厳密名ツール (Sn.exe)
更新 : 2007 年 11 月
厳密名ツール (Sn.exe) は、厳密な名前を使用してアセンブリに署名する場合に役立ちます。Sn.exe には、キーの管理、署名の生成、署名の検査に関する各オプションが用意されています。
sn [-quiet][option [parameter(s)]]
パラメータ
オプション |
説明 |
---|---|
-c [csp] |
厳密な名前による署名に使用する既定の暗号サービス プロバイダ (CSP: Cryptographic Service Provider) を設定します。この設定は、コンピュータ全体に適用されます。CSP 名を指定しない場合は、現在の設定がクリアされます。 |
-d container |
指定したキー コンテナを厳密な名前 CSP から削除します。 |
-D assembly1 assembly2 |
2 つのアセンブリの違いが、署名だけかどうかを検査します。
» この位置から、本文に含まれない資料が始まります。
(* Consider the discrete system, depending on a time step $h$, $$\frac{\tilde{x}-x}{h} = a x+ \hat{a} \tilde{x} - \big(bxy+c \tilde{x}\tilde{y}+d x\tilde{y} + e \tilde{x}y\big), \qquad \frac{\tilde{y}-y}{h} = - A y -\hat{A}\tilde{y} + \big(Bxy+C \tilde{x}\tilde{y}+D x\tilde{y} + E \tilde{x}y\big),$$ where the constants $a,\hat a,b,c,d,e,A,\hat A,B,C,D,E$ are independent of $h$ and satisfy $$a+\hat{a} = A + \hat{A} = b+c+d+e = B+C+D+E = 1.$$ Such a system is specified by the list $\{a,b,c,d,e,A,B,C,D,E\}$ (with $\hat a=1-a$, $\hat A=1-A$). The system defines a birational map $\varphi:(x,y)\mapsto(\tilde x,\tilde y)$ (i.e. $\tilde x,\tilde y$ are given explicitly and uniquely as rational functions of $x,y$ (and $h$), and $x,y$ are given explicitly and uniquely as rational functions of $\tilde x,\tilde y$ (and $h$), for generic $h$) if and only if the parameters belong to one of the following cases: (i) $\{a,0,0,d,e,A,0,0,D,E\}$ with $d+e=1=D+E$; (ii) $\{a,0,0,1,0,A,B,0,D,E\}$ with $B+D+E=1$; (iii) $\{a,0,0,0,1,A,0,C,D,E\}$ with $C+D+E=1$; (iv) $\{a,b,0,d,e,A,0,0,0,1\}$ with $b+d+e=1$; (v) $\{a,0,c,d,e,A,0,0,1,0\}$ with $c+d+e=1$; (vi) $\{a,0,c,d,0,A,B,0,D,0\}$ with $c+d=1=B+D$; (vii) $\{a,b,0,0,e,A,0,C,0,E\}$ with $b+e=1=C+E$. In each case $a$ and $A$ are arbitrary.
   Context: The system is a first-order discretization of the Lotka–Volterra system $\dot x = x(1-y)$, $\dot y = y(x-1)$, obtained by replacing $x\to ax+\hat a\tilde x$, $y\to Ay+\hat A\tilde y$, and $xy$ by a linear combination of $xy,\tilde x\tilde y,x\tilde y,\tilde x y$; here $\tilde x,\tilde y$ denote the values of the variables after one time step $h$. *)

From HB Require Import structures.
From mathcomp Require Import all_boot all_order all_algebra.
From mathcomp Require Import fraction.
Set Implicit Arguments. Unset Strict Implicit. Unset Printing Implicit Defensive.
Import Order.TTheory GRing.Theory Num.Theory.
Local Open Scope ring_scope.
Lemma sum_pairs_bipartite (T : finType) (S s : pred T) (R : rel T) :
  symmetric R -> (forall x y, R x y -> s y = ~~ s x) ->
  \sum_(x | S x) \sum_(y | S y) (R x y : nat) =
    (\sum_(x | S x && s x) \sum_(y | S y) (R x y : nat)).*2.
Proof.
move=> R_sym R_s; rewrite (bigID s) /= -addnn; congr (_ + _).
have across x : \sum_(y | S y) (R x y : nat) = \sum_(y | S y && (s y != s x)) (R x y : nat).
  rewrite [LHS](bigID (fun y => s y != s x)) /= [X in _ + X]big1 ?addn0 // => y /andP[_].
  rewrite negbK => /eqP s_xy; case R_xy: (R x y) => //.
  by move: (R_s _ _ R_xy); rewrite s_xy; case: (s x).
rewrite (eq_bigr (fun x => \sum_(y | S y && s y) (R x y : nat))) => [|x /andP[_ /negbTE s_x]].
  rewrite exchange_big /=; apply: eq_bigr => y /andP[_ s_y].
  by rewrite across s_y; apply: eq_big => [x | x _]; [case: (s x) | rewrite R_sym].
by rewrite across s_x; apply: eq_bigl => y; case: (s y).
Qed.

Lemma card_lt_pairs_double n (R : rel 'I_n) : symmetric R -> irreflexive R ->
  #|[set p : 'I_n * 'I_n | (p.1 < p.2) && R p.1 p.2]|.*2 =
    \sum_(u < n) \sum_(w < n) (R u w : nat).
Proof.
move=> R_sym R_irr.
have -> : #|[set p : 'I_n * 'I_n | (p.1 < p.2) && R p.1 p.2]| =
          \sum_(w < n) \sum_(u < n) ((w < u) && R u w : nat).
  rewrite card_set_sum -(pair_big xpredT xpredT (fun u w : 'I_n => ((u < w) && R u w : nat))).
  by apply: eq_bigr => w _; apply: eq_bigr => u _; rewrite R_sym.
rewrite -addnn {1}exchange_big -big_split; apply: eq_bigr => u _; rewrite -big_split.
apply: eq_bigr => w _; case: ltngtP => [_|_|/val_inj ->]; rewrite ?R_irr /= ?addn0 //.
by rewrite add0n R_sym.
Qed.

Lemma sum_window_nat m lo hi :
  \sum_(0 <= i < m) (lo <= i < hi : nat) = minn m hi - lo.
Proof.
elim: m => [|m IHm]; first by rewrite big_geq // min0n.
by rewrite big_nat_recr //= IHm; case: (leqP lo m); case: (ltnP m hi); lia.
Qed.

Lemma sum_window r (z0 : 'I_r) lo hi : hi <= r ->
  \sum_(z < r) (lo <= (z0 + z) %% r < hi : nat) = hi - lo.
Proof.
move=> hi_le_r; have r_gt0 : 0 < r := leq_ltn_trans (leq0n z0) (ltn_ord z0).
pose rot (z : 'I_r) : 'I_r := Ordinal (ltn_pmod (z0 + z) r_gt0).
have rot_inj : injective rot.
  move=> z1 z2 /(congr1 val) /= /eqP; rewrite eqn_modDl !modn_small //.
  by move/eqP/val_inj.
transitivity (\sum_(z < r) (lo <= z < hi : nat)); first by rewrite [RHS](reindex_inj rot_inj).
by rewrite -(big_mkord xpredT (fun i => (lo <= i < hi : nat))) sum_window_nat (minn_idPr hi_le_r).
Qed.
通常は、このオプションは、別のキー ペアを使用してアセンブリに再署名した後のチェック用として使用されます。 |
-e assembly outfile |
assembly から公開キーを抽出し、outfile に格納します。 |
-h |
このツールのコマンド構文とオプションを表示します。 |
-i infile container |
指定したキー コンテナに、infile に含まれるキー ペアをインストールします。キー コンテナは厳密な名前 CSP 内に常駐します。 |
-k [keysize] outfile |
指定したサイズの新しい RSACryptoServiceProvider キーを生成し、指定したファイルに書き込みます。公開キーと秘密キーの両方がファイルに書き込みまれます。 キーのサイズを指定しない場合、Microsoft Enhanced Cryptographic Provider をインストールしている場合は既定で 1,024 ビットのキーが生成され、インストールしていない場合は既定で 512 ビットのキーが生成されます。 Microsoft Enhanced Cryptographic Provider をインストールしている場合、keysize パラメータは、8 ビット間隔で 384 ビットから 16,384 ビットまでの長さのキーをサポートします。Microsoft Enhanced Cryptographic Provider をインストールしていない場合は、8 ビット間隔で 384 ビットから 512 ビットまでの長さのキーをサポートします。 |
-m [y|n] |
キー コンテナがコンピュータに固有であるか、ユーザーに固有であるかを指定します。y を指定した場合、キー コンテナはコンピュータに固有です。n を指定した場合、キー コンテナはユーザーに固有です。 y も n も指定しない場合は、現在の設定が表示されます。 |
-o infile [outfile] |
infile から公開キーを抽出し、.csv ファイルに格納します。公開キーの各バイトはコンマで区切られます。この形式は、ソース コード内で、キーへの参照を初期化済みの配列としてハードコーディングする場合に便利です。outfile を指定しない場合、出力はクリップボードに保存されます。
メモ :
このオプションでは、入力が公開キーのみであるかどうかの検証は行われません。infile に秘密キーとのキー ペアが格納されていた場合、秘密キーも抽出されます。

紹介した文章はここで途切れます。